» Material supplied:
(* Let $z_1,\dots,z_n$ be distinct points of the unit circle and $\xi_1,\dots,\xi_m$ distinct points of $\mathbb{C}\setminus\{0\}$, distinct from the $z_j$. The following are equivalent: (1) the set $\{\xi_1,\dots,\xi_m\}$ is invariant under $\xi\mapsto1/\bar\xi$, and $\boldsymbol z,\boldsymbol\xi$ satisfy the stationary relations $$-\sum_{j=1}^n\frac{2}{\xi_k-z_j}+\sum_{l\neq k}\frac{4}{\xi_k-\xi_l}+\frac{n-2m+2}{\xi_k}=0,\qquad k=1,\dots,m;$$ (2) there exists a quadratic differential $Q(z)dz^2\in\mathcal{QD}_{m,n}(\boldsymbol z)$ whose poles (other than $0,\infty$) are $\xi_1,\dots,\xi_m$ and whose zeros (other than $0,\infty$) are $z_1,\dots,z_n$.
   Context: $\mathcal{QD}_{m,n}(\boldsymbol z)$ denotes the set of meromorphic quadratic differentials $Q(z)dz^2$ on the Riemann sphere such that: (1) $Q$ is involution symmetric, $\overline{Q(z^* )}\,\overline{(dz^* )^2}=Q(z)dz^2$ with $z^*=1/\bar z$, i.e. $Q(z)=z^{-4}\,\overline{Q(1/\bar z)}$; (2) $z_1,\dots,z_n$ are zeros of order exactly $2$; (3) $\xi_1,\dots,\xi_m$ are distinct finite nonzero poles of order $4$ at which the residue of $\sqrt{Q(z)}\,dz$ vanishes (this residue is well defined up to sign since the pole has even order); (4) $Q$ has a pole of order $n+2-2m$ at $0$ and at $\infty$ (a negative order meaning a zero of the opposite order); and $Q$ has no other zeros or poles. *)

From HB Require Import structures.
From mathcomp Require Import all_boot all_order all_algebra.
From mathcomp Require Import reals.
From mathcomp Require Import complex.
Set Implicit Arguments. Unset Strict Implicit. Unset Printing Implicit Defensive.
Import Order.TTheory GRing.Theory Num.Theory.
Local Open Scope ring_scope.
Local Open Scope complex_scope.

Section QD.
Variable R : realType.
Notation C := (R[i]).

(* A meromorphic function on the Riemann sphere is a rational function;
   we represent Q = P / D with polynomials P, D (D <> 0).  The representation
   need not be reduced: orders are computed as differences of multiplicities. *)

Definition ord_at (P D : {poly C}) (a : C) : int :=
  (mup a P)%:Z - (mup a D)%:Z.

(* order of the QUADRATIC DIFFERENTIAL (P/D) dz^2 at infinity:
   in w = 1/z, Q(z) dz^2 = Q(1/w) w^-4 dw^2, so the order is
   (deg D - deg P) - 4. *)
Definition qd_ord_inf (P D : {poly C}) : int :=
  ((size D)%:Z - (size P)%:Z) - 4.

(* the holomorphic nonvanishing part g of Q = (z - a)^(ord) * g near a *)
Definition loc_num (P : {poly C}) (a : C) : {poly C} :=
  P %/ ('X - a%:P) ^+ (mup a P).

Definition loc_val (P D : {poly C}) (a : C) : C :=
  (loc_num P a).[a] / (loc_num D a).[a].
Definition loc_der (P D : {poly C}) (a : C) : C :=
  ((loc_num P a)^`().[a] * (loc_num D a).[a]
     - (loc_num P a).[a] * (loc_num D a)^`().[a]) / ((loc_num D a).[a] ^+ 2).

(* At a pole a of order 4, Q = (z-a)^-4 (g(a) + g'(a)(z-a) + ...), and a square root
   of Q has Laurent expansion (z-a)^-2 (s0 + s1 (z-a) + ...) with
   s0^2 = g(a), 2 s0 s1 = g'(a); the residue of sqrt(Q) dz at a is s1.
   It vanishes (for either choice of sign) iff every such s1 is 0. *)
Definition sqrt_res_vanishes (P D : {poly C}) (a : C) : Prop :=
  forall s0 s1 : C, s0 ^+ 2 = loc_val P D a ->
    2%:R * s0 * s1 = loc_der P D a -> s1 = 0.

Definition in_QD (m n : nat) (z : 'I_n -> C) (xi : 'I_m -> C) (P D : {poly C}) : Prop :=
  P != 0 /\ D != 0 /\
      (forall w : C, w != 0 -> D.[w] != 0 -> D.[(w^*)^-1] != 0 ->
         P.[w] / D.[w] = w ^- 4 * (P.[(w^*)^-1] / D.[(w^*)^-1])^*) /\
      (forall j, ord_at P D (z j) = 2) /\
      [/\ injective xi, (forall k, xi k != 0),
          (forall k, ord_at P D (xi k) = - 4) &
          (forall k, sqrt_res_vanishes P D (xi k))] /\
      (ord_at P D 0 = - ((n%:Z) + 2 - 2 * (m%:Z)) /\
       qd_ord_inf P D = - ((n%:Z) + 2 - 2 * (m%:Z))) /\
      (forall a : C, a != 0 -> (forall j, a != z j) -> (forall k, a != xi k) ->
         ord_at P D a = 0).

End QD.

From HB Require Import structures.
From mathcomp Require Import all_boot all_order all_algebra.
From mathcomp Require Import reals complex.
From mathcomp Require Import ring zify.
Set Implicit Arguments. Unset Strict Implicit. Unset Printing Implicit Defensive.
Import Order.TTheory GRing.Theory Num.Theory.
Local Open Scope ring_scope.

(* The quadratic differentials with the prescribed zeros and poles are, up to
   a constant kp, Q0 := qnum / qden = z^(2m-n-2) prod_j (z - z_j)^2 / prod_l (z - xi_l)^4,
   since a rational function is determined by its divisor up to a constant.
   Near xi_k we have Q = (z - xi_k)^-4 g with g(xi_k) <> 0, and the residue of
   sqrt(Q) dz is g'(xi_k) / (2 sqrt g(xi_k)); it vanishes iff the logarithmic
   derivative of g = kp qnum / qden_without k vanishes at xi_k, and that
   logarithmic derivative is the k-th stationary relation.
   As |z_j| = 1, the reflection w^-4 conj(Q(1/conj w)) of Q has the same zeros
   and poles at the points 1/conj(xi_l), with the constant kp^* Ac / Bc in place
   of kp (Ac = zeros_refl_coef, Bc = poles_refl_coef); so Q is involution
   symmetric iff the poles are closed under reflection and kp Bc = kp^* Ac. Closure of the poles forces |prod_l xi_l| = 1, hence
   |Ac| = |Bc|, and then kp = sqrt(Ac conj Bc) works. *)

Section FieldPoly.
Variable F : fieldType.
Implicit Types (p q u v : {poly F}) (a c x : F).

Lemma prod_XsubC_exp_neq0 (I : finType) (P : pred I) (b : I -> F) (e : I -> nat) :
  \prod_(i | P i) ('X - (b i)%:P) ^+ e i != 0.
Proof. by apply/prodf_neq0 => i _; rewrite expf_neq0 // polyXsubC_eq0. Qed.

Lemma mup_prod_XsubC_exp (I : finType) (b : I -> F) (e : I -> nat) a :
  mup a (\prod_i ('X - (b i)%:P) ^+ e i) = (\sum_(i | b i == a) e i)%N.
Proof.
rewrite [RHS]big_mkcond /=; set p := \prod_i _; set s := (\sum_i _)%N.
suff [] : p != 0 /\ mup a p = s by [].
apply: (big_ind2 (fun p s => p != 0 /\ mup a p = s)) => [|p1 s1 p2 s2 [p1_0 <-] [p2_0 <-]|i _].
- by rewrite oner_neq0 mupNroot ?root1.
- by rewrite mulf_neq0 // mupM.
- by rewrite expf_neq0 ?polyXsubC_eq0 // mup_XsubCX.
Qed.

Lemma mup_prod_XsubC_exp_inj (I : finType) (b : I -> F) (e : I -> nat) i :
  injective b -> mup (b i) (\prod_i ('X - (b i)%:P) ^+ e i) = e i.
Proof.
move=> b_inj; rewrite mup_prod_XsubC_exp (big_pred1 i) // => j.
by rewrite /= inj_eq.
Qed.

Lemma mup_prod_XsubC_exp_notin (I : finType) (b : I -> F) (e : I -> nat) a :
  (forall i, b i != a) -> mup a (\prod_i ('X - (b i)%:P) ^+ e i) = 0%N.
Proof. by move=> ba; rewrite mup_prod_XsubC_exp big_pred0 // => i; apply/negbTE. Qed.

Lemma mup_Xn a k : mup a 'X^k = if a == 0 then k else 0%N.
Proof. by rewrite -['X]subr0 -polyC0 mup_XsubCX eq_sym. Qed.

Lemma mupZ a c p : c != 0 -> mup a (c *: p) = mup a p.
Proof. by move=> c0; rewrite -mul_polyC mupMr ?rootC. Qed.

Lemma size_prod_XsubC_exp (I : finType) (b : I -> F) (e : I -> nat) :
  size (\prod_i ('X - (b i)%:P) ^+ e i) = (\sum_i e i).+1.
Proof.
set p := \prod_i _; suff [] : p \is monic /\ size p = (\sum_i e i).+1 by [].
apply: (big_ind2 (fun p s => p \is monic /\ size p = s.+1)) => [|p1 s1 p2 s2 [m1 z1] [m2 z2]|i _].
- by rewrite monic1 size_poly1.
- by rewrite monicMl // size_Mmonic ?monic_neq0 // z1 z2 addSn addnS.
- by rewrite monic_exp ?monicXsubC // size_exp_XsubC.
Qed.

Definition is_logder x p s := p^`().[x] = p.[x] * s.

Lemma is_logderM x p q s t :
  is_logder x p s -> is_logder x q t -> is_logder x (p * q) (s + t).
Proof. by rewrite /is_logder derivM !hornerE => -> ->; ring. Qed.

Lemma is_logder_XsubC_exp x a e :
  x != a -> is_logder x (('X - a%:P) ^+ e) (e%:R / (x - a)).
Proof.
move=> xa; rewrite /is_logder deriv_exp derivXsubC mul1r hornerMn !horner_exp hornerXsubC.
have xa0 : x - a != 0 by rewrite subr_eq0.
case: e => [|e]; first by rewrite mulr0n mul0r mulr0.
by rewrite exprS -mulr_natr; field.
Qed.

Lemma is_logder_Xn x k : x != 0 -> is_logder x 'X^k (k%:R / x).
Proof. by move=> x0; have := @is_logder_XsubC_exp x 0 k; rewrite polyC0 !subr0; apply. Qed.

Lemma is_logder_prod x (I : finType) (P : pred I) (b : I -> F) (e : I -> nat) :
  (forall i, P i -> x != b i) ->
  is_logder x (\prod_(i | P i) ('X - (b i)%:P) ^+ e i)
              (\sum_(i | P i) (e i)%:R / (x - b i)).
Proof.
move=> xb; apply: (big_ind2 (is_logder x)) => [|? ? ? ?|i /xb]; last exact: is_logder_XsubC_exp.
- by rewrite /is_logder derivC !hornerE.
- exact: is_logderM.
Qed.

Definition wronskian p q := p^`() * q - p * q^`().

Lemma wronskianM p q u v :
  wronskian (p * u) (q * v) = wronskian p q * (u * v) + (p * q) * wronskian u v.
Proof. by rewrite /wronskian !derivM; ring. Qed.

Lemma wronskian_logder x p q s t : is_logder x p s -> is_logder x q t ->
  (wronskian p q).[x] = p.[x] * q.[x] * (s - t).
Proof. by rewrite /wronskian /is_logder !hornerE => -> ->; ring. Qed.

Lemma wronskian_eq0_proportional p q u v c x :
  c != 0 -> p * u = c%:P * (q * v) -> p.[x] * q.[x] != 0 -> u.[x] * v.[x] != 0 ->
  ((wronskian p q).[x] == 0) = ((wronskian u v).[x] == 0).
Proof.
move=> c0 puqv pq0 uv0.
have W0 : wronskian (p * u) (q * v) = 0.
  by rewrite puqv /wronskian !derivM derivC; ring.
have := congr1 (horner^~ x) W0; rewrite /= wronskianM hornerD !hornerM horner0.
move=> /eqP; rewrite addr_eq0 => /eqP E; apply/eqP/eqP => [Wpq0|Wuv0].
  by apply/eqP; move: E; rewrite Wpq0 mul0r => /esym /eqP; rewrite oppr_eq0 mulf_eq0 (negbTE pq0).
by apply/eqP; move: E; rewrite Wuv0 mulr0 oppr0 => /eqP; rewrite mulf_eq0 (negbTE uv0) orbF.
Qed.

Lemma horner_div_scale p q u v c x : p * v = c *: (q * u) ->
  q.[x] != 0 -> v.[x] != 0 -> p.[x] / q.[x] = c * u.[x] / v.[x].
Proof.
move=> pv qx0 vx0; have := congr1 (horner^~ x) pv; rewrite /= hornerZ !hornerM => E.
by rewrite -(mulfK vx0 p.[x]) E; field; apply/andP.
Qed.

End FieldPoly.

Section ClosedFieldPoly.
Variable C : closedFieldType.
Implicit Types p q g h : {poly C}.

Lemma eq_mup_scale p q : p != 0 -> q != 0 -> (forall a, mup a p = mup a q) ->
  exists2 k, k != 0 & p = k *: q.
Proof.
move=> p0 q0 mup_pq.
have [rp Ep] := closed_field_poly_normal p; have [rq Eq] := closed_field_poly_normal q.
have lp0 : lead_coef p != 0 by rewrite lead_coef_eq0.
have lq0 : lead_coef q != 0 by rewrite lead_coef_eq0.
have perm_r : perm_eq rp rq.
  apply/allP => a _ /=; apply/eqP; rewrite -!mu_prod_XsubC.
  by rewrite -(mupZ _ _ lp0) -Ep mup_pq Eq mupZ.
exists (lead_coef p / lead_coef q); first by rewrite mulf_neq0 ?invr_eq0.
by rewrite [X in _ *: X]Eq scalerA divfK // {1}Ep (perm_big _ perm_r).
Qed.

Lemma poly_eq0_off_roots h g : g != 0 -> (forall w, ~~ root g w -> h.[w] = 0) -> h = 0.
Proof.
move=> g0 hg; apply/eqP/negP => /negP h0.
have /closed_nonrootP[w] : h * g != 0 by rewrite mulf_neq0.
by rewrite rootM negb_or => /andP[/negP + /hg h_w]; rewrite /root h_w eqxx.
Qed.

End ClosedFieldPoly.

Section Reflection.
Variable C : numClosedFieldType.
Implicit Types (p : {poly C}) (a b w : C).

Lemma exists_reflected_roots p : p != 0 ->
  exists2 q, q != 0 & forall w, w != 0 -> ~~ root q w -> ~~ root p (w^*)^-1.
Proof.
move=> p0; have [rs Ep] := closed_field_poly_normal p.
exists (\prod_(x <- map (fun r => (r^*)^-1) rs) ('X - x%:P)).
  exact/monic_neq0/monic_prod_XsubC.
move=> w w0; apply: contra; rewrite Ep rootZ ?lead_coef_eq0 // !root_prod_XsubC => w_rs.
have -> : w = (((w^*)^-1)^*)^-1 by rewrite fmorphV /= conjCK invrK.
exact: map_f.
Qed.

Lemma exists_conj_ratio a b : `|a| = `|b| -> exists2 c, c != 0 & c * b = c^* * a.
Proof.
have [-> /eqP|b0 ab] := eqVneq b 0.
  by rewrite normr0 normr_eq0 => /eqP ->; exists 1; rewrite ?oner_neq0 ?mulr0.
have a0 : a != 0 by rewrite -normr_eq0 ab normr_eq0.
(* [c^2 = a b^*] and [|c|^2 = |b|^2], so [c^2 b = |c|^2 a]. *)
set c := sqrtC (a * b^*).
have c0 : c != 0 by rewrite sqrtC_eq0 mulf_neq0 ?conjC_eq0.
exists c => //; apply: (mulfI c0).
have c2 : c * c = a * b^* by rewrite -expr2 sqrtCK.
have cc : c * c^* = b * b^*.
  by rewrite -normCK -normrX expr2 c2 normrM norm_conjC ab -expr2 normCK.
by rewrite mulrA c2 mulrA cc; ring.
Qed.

» Description of the task: Please return every line from the material above where the string "hornerE" occurs.

» Answer to this problem:
Proof. by rewrite /is_logder derivM !hornerE => -> ->; ring. Qed.
- by rewrite /is_logder derivC !hornerE.
Proof. by rewrite /wronskian /is_logder !hornerE => -> ->; ring. Qed.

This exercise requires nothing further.